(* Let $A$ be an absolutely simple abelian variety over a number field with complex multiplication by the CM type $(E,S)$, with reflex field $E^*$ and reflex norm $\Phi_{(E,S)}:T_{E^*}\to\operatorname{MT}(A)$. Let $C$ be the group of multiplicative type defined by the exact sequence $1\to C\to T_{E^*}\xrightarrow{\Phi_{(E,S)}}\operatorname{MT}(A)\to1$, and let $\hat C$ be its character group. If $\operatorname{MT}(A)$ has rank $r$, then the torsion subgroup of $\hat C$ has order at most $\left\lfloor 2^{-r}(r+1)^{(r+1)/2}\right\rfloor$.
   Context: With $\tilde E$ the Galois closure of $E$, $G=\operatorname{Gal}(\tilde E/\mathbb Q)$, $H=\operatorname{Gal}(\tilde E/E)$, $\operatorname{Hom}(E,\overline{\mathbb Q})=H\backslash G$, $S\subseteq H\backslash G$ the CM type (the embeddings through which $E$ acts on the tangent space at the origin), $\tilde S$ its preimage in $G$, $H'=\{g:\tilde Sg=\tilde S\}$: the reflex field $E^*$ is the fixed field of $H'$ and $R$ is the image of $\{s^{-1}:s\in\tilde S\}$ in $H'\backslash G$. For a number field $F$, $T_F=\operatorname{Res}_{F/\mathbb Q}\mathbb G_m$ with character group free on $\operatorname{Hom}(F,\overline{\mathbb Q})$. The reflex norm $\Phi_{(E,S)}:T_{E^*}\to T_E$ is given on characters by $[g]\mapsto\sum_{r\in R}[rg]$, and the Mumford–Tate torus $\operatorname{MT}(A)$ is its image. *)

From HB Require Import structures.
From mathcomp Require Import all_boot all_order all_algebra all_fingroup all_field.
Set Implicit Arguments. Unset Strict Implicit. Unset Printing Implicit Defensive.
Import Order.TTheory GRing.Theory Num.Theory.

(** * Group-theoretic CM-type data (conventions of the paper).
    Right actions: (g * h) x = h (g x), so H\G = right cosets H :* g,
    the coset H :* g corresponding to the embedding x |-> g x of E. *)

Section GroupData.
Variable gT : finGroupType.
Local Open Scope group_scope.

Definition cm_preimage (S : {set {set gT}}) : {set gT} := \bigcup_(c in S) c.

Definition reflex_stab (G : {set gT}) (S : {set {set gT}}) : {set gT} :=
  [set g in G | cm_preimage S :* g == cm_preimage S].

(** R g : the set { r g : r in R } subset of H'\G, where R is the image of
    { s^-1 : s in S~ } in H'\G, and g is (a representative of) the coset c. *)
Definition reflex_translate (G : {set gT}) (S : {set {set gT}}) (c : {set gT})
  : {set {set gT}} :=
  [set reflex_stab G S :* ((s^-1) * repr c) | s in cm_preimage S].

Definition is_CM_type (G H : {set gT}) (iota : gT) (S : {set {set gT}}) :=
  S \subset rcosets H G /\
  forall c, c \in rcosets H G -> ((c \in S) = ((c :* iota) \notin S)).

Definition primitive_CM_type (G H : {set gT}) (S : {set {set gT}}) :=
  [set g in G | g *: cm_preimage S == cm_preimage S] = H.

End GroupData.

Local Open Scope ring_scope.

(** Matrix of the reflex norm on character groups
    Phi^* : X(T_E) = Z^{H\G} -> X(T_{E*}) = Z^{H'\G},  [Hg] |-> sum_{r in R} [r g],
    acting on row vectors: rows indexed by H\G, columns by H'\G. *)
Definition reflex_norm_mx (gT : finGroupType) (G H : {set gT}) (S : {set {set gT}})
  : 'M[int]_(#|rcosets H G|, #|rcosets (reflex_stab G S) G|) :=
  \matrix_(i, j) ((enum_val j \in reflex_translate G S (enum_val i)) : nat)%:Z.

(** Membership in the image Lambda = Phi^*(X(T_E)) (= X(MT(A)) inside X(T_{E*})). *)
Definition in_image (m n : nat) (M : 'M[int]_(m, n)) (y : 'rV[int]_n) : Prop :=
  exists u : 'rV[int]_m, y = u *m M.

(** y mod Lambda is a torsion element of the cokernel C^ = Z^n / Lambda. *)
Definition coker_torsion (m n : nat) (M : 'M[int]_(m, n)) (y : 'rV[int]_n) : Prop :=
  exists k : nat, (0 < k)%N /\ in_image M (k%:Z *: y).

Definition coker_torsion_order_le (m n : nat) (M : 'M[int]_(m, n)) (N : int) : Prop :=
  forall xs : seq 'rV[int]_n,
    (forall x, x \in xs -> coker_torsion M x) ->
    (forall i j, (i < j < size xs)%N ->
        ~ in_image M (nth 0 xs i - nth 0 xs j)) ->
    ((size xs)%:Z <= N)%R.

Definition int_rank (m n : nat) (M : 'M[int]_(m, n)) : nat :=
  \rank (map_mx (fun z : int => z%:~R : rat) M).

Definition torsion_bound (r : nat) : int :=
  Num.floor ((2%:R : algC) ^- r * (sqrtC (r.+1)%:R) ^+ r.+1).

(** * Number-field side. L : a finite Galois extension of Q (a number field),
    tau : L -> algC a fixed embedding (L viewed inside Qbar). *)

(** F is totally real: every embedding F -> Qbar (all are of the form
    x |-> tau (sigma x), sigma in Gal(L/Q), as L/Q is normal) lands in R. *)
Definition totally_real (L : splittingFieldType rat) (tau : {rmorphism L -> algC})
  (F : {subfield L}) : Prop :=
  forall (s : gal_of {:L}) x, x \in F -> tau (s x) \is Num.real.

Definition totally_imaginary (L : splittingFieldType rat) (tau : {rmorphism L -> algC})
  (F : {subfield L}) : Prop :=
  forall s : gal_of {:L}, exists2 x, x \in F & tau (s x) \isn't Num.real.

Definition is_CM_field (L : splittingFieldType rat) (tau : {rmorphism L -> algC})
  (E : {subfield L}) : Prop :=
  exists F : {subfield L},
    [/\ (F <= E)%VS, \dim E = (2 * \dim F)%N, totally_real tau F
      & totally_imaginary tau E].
--
# Task item:
If a line above contains the word "Qbar", list it.

# Response below:
    tau : L -> algC a fixed embedding (L viewed inside Qbar). *)
(** F is totally real: every embedding F -> Qbar (all are of the form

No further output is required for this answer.